It is generally well known that to ensure that your affairs are managed in accordance with your wishes when you die, you should have a properly drafted will in place.
However, it is arguably less well known that it is possible for a beneficiary of a will to vary the terms of their inheritance, essentially changing the terms of the will that a person put in place during their lifetime. It is also possible for a beneficiary to vary their inheritance when somebody dies without a valid will in place, known as intestacy.
The legal document that varies a person’s inheritance is known as a Deed of Variation. The terms of the deed take effect as if they were written into the will of the person who has passed away, or in the case of them having no will, as if they had made a will in the first place.
Some of the most common reasons a beneficiary may want to redirect their inheritance are:
To save inheritance tax
Spouses and charities are exempt from paying inheritance tax and a deed of variation can be used to redirect additional assets to those beneficiaries to reduce the inheritance tax payable. A particular benefit occurs when 10% or more of an estate is gifted to a charitable beneficiary which will allow the estate to benefit from a lower rate of inheritance tax . This saving could be achieved by a deed of variation if provision wasn’t made for this in a deceased person’s will or under their intestacy if they didn’t make a will.

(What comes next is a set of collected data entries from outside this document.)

(* Let $\delta=x^{\mathbf d}f(\theta)$ be a homogeneous differential operator of degree $\mathbf d$ with $-\mathbf d$ in the interior of $\sigma^\vee$, and write $\mathbf d=q\mathbf e$ with $q\in\mathbb Z_{\ge1}$ and $\mathbf e\in\mathbb Z^d$ primitive. Then $\delta$ fixes some nonzero monomial ideal of $R$ if and only if (1) $\operatorname{val}(\mathbf a)>-\infty$ for all $\mathbf a\in S$; (2) for all $\mathbf a\in V'_{\mathrm{mon}}(f)$ and $i=0,\dots,q-1$, $\mathbf a-i\mathbf e\in V_{\mathrm{mon}}(f)$; (3) for all $\mathbf a,\mathbf b\in V'_{\mathrm{mon}}(f)$, $\mathbf a-\mathbf b\notin S-\mathbf e$. In this case the only nonzero monomial ideal fixed by $\delta$ is $I=(x^{\mathbf a}\mid\mathbf a\in V'_{\mathrm{mon}}(f)\cap S)$, and $\operatorname{Exp} I=\{\mathbf a\in S:\operatorname{pval}(\mathbf a)\ge 0\}$.
   Context: Standing notation. Fix $d\ge 1$. Let $\sigma\subseteq\mathbb R^d$ be a full-dimensional, strongly convex rational polyhedral cone, so $\sigma^\vee$ is full-dimensional and strongly convex. $S=\sigma^\vee\cap\mathbb Z^d$, $R=\mathbb C[S]$ with monomial basis $x^{\mathbf a}$, $\mathbf a\in S$. $h_1,\dots,h_n$ are the primitive support functions of the facets of $\sigma^\vee$, so $S=\{\mathbf a\in\mathbb Z^d:h_i(\mathbf a)\ge0\ \forall i\}$. $(g,m)!=\prod_{j=0}^m(g-j)$ for $m\ge0$, $=1$ for $m<0$; $H_{\mathbf d}=\prod_i(h_i,h_i(-\mathbf d)-1)!$. For $f$ divisible by $H_{\mathbf d}$, $\delta=x^{\mathbf d}f(\theta)$ acts by $\delta(x^{\mathbf a})=f(\mathbf a)x^{\mathbf a+\mathbf d}$. $\operatorname{Exp} I=\{\mathbf a\in S:x^{\mathbf a}\in I\}$; $I$ is $\delta$-fixed if $\delta(I)=I$. $V_{\mathrm{mon}}(f)=\{\mathbf a\in\mathbb Z^d:f(\mathbf a)=0\}$; $S-\mathbf e=\{\mathbf s-\mathbf e:\mathbf s\in S\}$. For $\mathbf a\in\mathbb Z^d$, $\operatorname{val}(\mathbf a)=\inf\{t\in\mathbb R:\mathbf a+t\mathbf d\in V_{\mathrm{mon}}(f)\}\in\mathbb R\cup\{\pm\infty\}$ ($\inf\emptyset=+\infty$). When $\operatorname{val}(\mathbf a)$ is finite, $\operatorname{pval}(\mathbf a)=\max\{t\in[\operatorname{val}(\mathbf a),\operatorname{val}(\mathbf a)+1):\mathbf a+t\mathbf d\in V_{\mathrm{mon}}(f)\}$ and $\operatorname{vpt}(\mathbf a)=\mathbf a+\operatorname{pval}(\mathbf a)\mathbf d$. $V'_{\mathrm{mon}}(f)=\{\operatorname{vpt}(\mathbf a):\mathbf a\in\mathbb Z^d,\ \operatorname{val}(\mathbf a)\text{ finite}\}$. *)

From Stdlib Require Import Reals.
From Coquelicot Require Import Rbar Lub.
From mathcomp Require Import all_boot all_order all_algebra.
From mathcomp Require Import complex Rstruct mpoly.
Import GRing.Theory Num.Theory.

Set Implicit Arguments.
Unset Strict Implicit.
Unset Printing Implicit Defensive.

Local Open Scope ring_scope.

Notation CC := (complex R).

Section Defs.
Variable d : nat.

Notation vec := 'rV[int]_d.

Definition lf (h a : vec) : int := \sum_(k < d) h 0 k * a 0 k.

Definition primitive_vec (e : vec) : Prop :=
  forall (k : int) (v : vec), e = k *: v -> k = 1 \/ k = -1.

(* h_1..h_n are the primitive support functions of the facets of sigma^vee,
   where sigma is a full-dimensional strongly convex rational polyhedral cone:
   - each h_i is primitive;
   - sigma^vee = {x | h_i(x) >= 0} is full-dimensional (sigma strongly convex);
   - sigma^vee is strongly convex (sigma full-dimensional);
   - the system is irredundant, so each h_i defines a facet. *)
Definition facet_data (n : nat) (h : 'I_n -> vec) : Prop :=
  [/\ forall i, primitive_vec (h i),
      exists a : vec, forall i, 0 < lf (h i) a,
      forall a : vec, (forall i, lf (h i) a = 0) -> a = 0 &
      forall i, exists a : vec, lf (h i) a < 0 /\
                 forall j, j != i -> 0 <= lf (h j) a].

Section Cone.
Variables (n : nat) (h : 'I_n -> vec).

(* S = sigma^vee ∩ Z^d *)
Definition inS (a : vec) : Prop := forall i, 0 <= lf (h i) a.

Definition in_interior (a : vec) : Prop := forall i, 0 < lf (h i) a.

Definition hpoly (i : 'I_n) : {mpoly CC[d]} :=
  \sum_(k < d) (h i 0 k)%:~R *: 'X_k.

Definition ffact (g : {mpoly CC[d]}) (m : int) : {mpoly CC[d]} :=
  match m with
  | Posz k => \prod_(j < k.+1) (g - (j%:R : {mpoly CC[d]}))
  | Negz _ => 1
  end.

Definition Hpoly (dd : vec) : {mpoly CC[d]} :=
  \prod_(i < n) ffact (hpoly i) (lf (h i) (- dd) - 1).

Definition mdvd (g f : {mpoly CC[d]}) : Prop := exists r, f = g * r.

Definition evalZ (f : {mpoly CC[d]}) (a : vec) : CC :=
  f.@[fun k => (a 0 k)%:~R].

Definition Vmon (f : {mpoly CC[d]}) (a : vec) : Prop := evalZ f a = 0.

(* ---- The ring R = C[S], as the C-vector space with basis x^a (a in S):
   an element is a finitely supported coefficient function with support in S. *)
Definition elt := vec -> CC.

Definition inR (p : elt) : Prop :=
  (exists s : seq vec, forall a, p a != 0 -> a \in s) /\
  (forall a, p a != 0 -> inS a).

Definition mono (a : vec) : elt := fun b => if b == a then 1 else 0.

(* the operator delta = x^dd f(theta): delta(x^a) = f(a) x^(a+dd),
   extended linearly *)
Definition delta (f : {mpoly CC[d]}) (dd : vec) (p : elt) : elt :=
  fun b => evalZ f (b - dd) * p (b - dd).

Definition monideal_of (E : vec -> Prop) : elt -> Prop :=
  fun p => inR p /\ forall a, p a != 0 -> E a.

Definition monideal (I : elt -> Prop) : Prop :=
  exists E : vec -> Prop,
    [/\ forall a, E a -> inS a,
        forall a b, E a -> inS b -> E (a + b) &
        forall p, I p <-> monideal_of E p].

Definition gen_monideal (G : vec -> Prop) : elt -> Prop :=
  monideal_of (fun c => exists a b, [/\ G a, inS a, inS b & c = a + b]).

Definition nonzero_ideal (I : elt -> Prop) : Prop :=
  exists p, I p /\ exists a, p a != 0.

Definition fixes (f : {mpoly CC[d]}) (dd : vec) (I : elt -> Prop) : Prop :=
  forall p, I p <-> exists p', I p' /\ forall b, delta f dd p' b = p b.

Definition Exp (I : elt -> Prop) (a : vec) : Prop := inS a /\ I (mono a).

Definition on_line (a : vec) (t : R) (dd b : vec) : Prop :=
  forall k, (b 0 k)%:~R = (a 0 k)%:~R + t * (dd 0 k)%:~R :> R.

Definition Tset (f : {mpoly CC[d]}) (dd a : vec) (t : R) : Prop :=
  exists b, on_line a t dd b /\ Vmon f b.

(* val(a) = inf Tset in R ∪ {±oo}, inf of empty = +oo *)
Definition valuation (f : {mpoly CC[d]}) (dd a : vec) : Rbar := Glb_Rbar (Tset f dd a).

Definition is_pval (f : {mpoly CC[d]}) (dd a : vec) (t : R) : Prop :=
  exists v : R, [/\ valuation f dd a = Rbar.Finite v,
    Tset f dd a t, (v <= t) && (t < v + 1) &
    forall t', Tset f dd a t' -> (v <= t') && (t' < v + 1) -> (t' <= t)].

Definition Vmon' (f : {mpoly CC[d]}) (dd b : vec) : Prop :=
  exists (a : vec) (t : R), is_pval f dd a t /\ on_line a t dd b.

End Cone.
End Defs.

From Stdlib Require Import Reals Classical.
From Coquelicot Require Import Rbar Lub.
From mathcomp Require Import all_boot all_order all_algebra.
From mathcomp Require Import complex Rstruct mpoly.
From mathcomp Require Import zify ring.
Import Order.TTheory GRing.Theory Num.Theory.
Local Open Scope ring_scope.

Set Implicit Arguments.
Unset Strict Implicit.
Unset Printing Implicit Defensive.

(* Since delta(x^a) = f(a) x^(a + dd), a monomial ideal with exponent set E is
   fixed iff E is delta-stable: b in E <-> (b - dd in E and f(b - dd) != 0)
   (stable_fixes, fixed_stable).  Everything else happens on the lines c + Z e:
   their lattice points are the c + j e, at parameter j/q on c + R dd, so val,
   pval and V'_mon(f) are read off from the zeros of j |-> f(c + j e).  The key
   notion is a window at p: at and below p these zeros are exactly the
   p - q < j <= p; then pval(c) = p/q and c + p e lies in V'_mon(f).
   - Necessity (section StableExponents): a delta-stable semigroup ideal E of S
     meets each line in a half line {j <= T}, and stability puts a window at T;
     (1)-(3) follow, E = {pval >= 0}, and E is generated by V'_mon(f) ∩ S.
   - Sufficiency (section Canonical): H_dd | f gives a zero on every line, (1)
     bounds the zeros below and (2) makes the last zero within q steps of the
     least one a window; with (3), {a in S | pval(a) >= 0} is a nonzero
     delta-stable semigroup ideal. *)

Lemma lfD d (h a b : 'rV[int]_d) : lf h (a + b) = lf h a + lf h b.
Proof. rewrite /lf -big_split /=; apply: eq_bigr => k _; by rewrite !mxE mulrDr. Qed.

Lemma lfZ d (h a : 'rV[int]_d) (k : int) : lf h (k *: a) = k * lf h a.
Proof. rewrite /lf mulr_sumr; apply: eq_bigr => j _; by rewrite !mxE mulrCA. Qed.

Lemma lfN d (h a : 'rV[int]_d) : lf h (- a) = - lf h a.
Proof. rewrite /lf -sumrN; apply: eq_bigr => j _; by rewrite !mxE mulrN. Qed.

Lemma lfB d (h a b : 'rV[int]_d) : lf h (a - b) = lf h a - lf h b.
Proof. by rewrite lfD lfN. Qed.

(* A primitive vector is nonzero (0 = 2 *: 0 is not primitive). *)
Lemma primitive_nonzero d (e : 'rV[int]_d) : primitive_vec e -> exists k0, e 0 k0 != 0.
Proof.
move=> e_prim; case: (boolP [exists k, e 0 k != 0]) => [/existsP //|].
rewrite negb_exists => /forallP e0.
have e_double0 : e = 2%:Z *: 0.
  apply/matrixP => i k; rewrite (ord1 i) scaler0 mxE.
  by have := e0 k; rewrite negbK => /eqP.
by case: (e_prim _ _ e_double0).
Qed.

In addition, since April 2017 the government have begun introducing a new inheritance tax benefit called the residential nil rate band. The rules surrounding the availability of this tax benefit are complex and not everybody has made will arrangements to fully utilise it. In these cases, the inheritance can be varied by way of deed of variation to ensure the estate has the full benefit of this valuable tax allowance.
To resolve a dispute or achieve fairness
It may be that when a person has passed away a dispute arises over the distribution of their estate. For example, a family member may feel that they have not received a fair share of the person’s estate. Bearing in mind the cost, stress and delay caused by litigation, the beneficiaries may wish to alter the terms of the will to make provision for that person through a deed of variation.
It could also be the case that the beneficiaries all feel that a testator would have made provision for a certain person if they had had the opportunity to do so, and wish to enter into a deed of variation to make provision to achieve fairness and maintain family harmony.
A beneficiary may also wish to provide for others who are in greater need of funds or other resources, such as housing.
As part of their own tax planning
A beneficiary may be in the enviable position of having a taxable estate, meaning that when they die they will pay inheritance tax to the government. Receiving a large inheritance could make that tax bill even higher. Those beneficiaries sometime consider gifting’ away their inheritance to their beneficiaries during their lifetime. The difficulty in them receiving their inheritance for them to gift it on is that the government will consider that to be what is known as a ‘potentially exempt transfer’ or PET and will tax that gift if the person giving the gift dies with 7 years of making it. However, if the beneficiary enters into a deed of variation, varying their entitlement so that their beneficiaries receive the inheritance intended for them, then it is deemed to be a gift from the person who has passed away and not a direct gift from the beneficiary meaning that it will not impact on the tax position of the beneficiary on his death.
In order for a deed of variation to be effective it must be made within two years of the date of the person passing away, so relatively prompt legal advice is essential. It must also be signed by all beneficiaries who would be negatively affected by the variation. If those beneficiaries are under the age of 18, then approval of the court is also required.
It is essential that the deed of variation is clear about what is being varied and who benefits from the variation and requires some prescribed legal wording to be effective. They are easy to get wrong and the government do not allow for a variation to be varied again. It is therefore crucial that appropriate legal advice is sought at the outset.
Finally, although deeds of variation are a useful tool at our disposal, they shouldn’t be relied upon as an alternative to making a will or reviewing a current will in your lifetime. Deeds of variation are frequently under review by the government and it may be that in the future they are abolished.